**TASK STATEMENT:**
Copy out all lines bearing the word "Definition" from the listing below.

• • • • •

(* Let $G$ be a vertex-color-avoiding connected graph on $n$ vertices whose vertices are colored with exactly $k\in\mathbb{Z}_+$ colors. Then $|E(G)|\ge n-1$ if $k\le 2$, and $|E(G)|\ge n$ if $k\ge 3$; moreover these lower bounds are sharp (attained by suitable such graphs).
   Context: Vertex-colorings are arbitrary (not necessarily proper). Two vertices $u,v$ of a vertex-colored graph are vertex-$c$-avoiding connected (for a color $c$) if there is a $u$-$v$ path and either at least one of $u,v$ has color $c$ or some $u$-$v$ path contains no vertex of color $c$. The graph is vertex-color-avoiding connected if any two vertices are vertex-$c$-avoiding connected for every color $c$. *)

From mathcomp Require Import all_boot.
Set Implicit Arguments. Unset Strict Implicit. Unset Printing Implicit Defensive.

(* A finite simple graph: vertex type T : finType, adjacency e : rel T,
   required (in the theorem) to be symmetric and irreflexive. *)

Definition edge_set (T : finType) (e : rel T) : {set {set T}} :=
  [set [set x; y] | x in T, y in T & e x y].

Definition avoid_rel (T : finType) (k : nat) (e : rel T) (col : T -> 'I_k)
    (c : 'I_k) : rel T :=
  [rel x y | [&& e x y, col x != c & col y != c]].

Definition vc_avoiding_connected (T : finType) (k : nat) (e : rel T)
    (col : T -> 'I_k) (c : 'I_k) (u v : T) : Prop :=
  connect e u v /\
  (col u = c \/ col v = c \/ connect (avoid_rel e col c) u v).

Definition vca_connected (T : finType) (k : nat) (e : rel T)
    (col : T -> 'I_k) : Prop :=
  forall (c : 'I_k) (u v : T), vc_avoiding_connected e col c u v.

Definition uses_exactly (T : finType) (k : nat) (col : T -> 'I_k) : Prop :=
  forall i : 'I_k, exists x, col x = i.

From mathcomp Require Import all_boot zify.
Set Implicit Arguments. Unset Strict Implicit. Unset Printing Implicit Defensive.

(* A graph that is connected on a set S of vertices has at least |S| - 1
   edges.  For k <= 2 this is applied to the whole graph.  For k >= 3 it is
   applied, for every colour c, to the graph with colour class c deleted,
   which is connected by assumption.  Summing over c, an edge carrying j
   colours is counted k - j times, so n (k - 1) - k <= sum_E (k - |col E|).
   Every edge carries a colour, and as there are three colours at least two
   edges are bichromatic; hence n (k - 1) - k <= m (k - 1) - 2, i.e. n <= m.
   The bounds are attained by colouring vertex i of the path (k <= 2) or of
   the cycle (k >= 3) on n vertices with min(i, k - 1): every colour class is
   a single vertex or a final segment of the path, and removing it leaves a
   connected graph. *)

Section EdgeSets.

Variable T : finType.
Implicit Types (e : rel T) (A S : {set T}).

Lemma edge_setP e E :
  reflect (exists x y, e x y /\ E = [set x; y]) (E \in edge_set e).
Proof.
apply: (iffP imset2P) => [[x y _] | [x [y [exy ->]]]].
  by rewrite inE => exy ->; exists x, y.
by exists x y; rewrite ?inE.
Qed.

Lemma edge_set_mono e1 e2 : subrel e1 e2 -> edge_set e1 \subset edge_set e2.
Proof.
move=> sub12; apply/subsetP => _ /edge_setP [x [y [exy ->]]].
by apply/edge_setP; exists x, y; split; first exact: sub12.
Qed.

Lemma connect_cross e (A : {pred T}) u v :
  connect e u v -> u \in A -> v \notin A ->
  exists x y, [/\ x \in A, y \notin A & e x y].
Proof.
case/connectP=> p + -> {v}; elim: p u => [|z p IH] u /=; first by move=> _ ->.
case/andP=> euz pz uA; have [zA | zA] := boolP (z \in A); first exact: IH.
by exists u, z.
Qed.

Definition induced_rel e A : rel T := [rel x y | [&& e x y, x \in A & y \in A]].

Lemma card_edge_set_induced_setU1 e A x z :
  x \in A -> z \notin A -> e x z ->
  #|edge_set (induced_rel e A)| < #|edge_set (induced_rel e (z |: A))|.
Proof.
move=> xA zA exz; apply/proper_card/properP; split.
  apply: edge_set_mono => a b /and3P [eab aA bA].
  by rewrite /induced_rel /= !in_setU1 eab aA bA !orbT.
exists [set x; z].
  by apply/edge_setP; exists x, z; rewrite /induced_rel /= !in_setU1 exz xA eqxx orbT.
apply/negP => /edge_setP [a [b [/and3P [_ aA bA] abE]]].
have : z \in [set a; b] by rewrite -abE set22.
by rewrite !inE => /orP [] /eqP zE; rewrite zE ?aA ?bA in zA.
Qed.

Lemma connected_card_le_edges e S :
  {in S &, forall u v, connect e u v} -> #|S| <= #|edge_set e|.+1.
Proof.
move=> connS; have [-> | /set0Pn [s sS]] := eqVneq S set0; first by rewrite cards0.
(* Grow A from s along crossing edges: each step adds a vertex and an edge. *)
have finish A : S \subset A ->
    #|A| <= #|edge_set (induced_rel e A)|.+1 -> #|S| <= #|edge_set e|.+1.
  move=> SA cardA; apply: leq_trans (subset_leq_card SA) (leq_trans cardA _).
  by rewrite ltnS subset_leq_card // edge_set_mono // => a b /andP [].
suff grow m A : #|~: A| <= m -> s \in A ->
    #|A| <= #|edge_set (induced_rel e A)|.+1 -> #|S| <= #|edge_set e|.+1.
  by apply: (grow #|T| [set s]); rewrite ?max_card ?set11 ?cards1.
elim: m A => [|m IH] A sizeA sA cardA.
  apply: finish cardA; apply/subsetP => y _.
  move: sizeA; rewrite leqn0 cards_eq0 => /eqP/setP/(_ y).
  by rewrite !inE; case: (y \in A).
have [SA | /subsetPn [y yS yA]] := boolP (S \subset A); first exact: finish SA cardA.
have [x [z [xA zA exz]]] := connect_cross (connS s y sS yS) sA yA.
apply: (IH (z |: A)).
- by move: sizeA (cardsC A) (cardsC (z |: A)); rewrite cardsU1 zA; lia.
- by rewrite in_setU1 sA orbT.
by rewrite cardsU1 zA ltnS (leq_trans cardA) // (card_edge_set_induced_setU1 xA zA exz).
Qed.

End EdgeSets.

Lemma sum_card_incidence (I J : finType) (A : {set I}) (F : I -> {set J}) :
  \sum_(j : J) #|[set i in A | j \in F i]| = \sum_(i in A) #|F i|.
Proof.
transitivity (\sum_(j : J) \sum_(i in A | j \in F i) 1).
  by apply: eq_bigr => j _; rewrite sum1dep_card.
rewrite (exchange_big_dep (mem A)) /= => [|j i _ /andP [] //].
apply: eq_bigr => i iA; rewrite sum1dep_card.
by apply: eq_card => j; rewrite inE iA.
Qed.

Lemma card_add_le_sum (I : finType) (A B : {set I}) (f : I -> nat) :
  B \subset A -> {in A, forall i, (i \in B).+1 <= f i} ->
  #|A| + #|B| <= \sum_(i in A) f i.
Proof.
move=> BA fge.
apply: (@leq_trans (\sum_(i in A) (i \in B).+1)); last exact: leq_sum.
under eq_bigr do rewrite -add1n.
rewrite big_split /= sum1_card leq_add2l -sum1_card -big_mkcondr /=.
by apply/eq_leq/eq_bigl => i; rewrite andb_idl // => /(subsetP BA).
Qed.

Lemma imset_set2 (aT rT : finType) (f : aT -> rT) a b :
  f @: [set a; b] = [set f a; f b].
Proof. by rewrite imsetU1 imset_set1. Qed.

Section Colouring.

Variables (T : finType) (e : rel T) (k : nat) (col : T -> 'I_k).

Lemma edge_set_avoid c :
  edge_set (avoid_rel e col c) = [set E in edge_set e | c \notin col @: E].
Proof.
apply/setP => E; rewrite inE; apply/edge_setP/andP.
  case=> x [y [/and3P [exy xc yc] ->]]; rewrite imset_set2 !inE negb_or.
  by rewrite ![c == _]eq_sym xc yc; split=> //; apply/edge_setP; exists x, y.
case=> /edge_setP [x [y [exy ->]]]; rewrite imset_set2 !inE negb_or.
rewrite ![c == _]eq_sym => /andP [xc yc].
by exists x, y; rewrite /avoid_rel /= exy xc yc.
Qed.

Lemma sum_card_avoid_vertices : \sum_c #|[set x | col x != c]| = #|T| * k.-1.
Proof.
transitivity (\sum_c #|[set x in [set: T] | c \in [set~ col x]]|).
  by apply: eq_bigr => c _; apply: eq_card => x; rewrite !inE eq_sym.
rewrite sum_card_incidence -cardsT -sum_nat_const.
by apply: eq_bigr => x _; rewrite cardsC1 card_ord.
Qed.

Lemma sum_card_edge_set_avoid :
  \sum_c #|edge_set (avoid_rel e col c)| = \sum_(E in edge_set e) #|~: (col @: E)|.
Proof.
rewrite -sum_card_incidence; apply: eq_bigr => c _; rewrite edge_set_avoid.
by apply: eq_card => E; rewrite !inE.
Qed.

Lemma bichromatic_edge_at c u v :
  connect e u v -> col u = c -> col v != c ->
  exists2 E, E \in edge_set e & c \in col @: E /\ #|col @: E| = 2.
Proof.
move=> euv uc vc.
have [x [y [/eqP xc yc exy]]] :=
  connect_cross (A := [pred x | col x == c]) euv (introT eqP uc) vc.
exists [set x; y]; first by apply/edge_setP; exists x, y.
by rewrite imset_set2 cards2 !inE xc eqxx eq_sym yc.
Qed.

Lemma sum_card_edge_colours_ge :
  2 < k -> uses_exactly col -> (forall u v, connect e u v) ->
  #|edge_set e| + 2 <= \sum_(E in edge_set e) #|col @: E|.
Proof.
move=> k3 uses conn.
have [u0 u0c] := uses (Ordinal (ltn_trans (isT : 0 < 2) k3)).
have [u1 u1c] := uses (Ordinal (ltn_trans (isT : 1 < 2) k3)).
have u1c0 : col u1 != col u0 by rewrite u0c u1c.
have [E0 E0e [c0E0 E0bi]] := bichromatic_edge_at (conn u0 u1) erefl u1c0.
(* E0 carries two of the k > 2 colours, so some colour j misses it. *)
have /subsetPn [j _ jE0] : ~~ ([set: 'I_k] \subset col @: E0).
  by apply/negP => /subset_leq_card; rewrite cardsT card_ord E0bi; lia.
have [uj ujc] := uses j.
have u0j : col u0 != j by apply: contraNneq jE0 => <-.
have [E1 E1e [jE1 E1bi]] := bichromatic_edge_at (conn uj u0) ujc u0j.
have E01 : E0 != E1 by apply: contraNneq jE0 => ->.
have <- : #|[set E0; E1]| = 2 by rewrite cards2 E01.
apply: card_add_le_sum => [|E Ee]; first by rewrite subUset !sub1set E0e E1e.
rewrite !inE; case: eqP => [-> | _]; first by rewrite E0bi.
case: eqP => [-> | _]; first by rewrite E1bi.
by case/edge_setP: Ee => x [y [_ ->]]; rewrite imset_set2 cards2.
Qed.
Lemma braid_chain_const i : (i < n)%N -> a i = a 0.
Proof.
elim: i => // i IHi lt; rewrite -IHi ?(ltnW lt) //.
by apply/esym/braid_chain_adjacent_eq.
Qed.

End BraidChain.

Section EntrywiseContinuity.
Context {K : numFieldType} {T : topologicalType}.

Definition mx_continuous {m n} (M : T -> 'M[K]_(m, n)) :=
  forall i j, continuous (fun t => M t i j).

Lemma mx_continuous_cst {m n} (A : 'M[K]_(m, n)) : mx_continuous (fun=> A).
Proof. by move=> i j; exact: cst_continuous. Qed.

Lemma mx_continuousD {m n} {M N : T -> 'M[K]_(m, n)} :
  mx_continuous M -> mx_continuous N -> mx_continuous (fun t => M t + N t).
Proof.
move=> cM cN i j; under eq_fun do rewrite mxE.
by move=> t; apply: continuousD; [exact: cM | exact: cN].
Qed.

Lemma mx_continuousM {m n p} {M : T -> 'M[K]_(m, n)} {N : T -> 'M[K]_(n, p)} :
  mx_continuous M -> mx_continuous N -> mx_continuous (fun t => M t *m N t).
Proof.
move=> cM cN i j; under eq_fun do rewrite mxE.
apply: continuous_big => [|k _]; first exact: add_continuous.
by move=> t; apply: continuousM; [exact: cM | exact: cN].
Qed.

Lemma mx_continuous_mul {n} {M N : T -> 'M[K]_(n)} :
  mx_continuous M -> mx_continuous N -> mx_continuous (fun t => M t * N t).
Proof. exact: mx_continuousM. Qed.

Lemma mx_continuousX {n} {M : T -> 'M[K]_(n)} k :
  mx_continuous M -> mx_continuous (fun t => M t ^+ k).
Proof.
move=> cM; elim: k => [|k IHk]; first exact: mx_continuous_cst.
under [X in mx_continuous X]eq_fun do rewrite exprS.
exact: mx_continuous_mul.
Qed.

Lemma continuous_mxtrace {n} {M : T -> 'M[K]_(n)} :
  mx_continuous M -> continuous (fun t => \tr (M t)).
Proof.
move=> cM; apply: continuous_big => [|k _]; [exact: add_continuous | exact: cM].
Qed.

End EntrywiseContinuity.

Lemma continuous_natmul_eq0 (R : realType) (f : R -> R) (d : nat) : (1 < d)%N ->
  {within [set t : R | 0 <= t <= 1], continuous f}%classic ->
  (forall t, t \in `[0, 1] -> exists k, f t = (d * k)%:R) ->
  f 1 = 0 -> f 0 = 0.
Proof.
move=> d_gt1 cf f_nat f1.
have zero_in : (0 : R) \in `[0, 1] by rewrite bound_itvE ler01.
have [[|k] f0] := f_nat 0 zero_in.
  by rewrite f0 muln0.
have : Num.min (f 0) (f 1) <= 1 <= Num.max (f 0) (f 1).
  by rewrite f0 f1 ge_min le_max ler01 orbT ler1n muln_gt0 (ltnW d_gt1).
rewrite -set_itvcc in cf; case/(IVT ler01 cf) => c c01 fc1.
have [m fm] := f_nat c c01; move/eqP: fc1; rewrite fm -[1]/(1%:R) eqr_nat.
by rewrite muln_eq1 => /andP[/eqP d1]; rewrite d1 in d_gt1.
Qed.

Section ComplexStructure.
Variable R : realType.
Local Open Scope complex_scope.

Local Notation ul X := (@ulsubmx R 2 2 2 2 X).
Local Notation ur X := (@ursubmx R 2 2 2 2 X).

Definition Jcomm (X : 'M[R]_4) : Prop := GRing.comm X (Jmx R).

• • • • •

**RESPONSE BELOW:**
Definition edge_set (T : finType) (e : rel T) : {set {set T}} :=
Definition avoid_rel (T : finType) (k : nat) (e : rel T) (col : T -> 'I_k)
Definition vc_avoiding_connected (T : finType) (k : nat) (e : rel T)
Definition vca_connected (T : finType) (k : nat) (e : rel T)
Definition uses_exactly (T : finType) (k : nat) (col : T -> 'I_k) : Prop :=
Definition induced_rel e A : rel T := [rel x y | [&& e x y, x \in A & y \in A]].
Definition mx_continuous {m n} (M : T -> 'M[K]_(m, n)) :=
Definition Jcomm (X : 'M[R]_4) : Prop := GRing.comm X (Jmx R).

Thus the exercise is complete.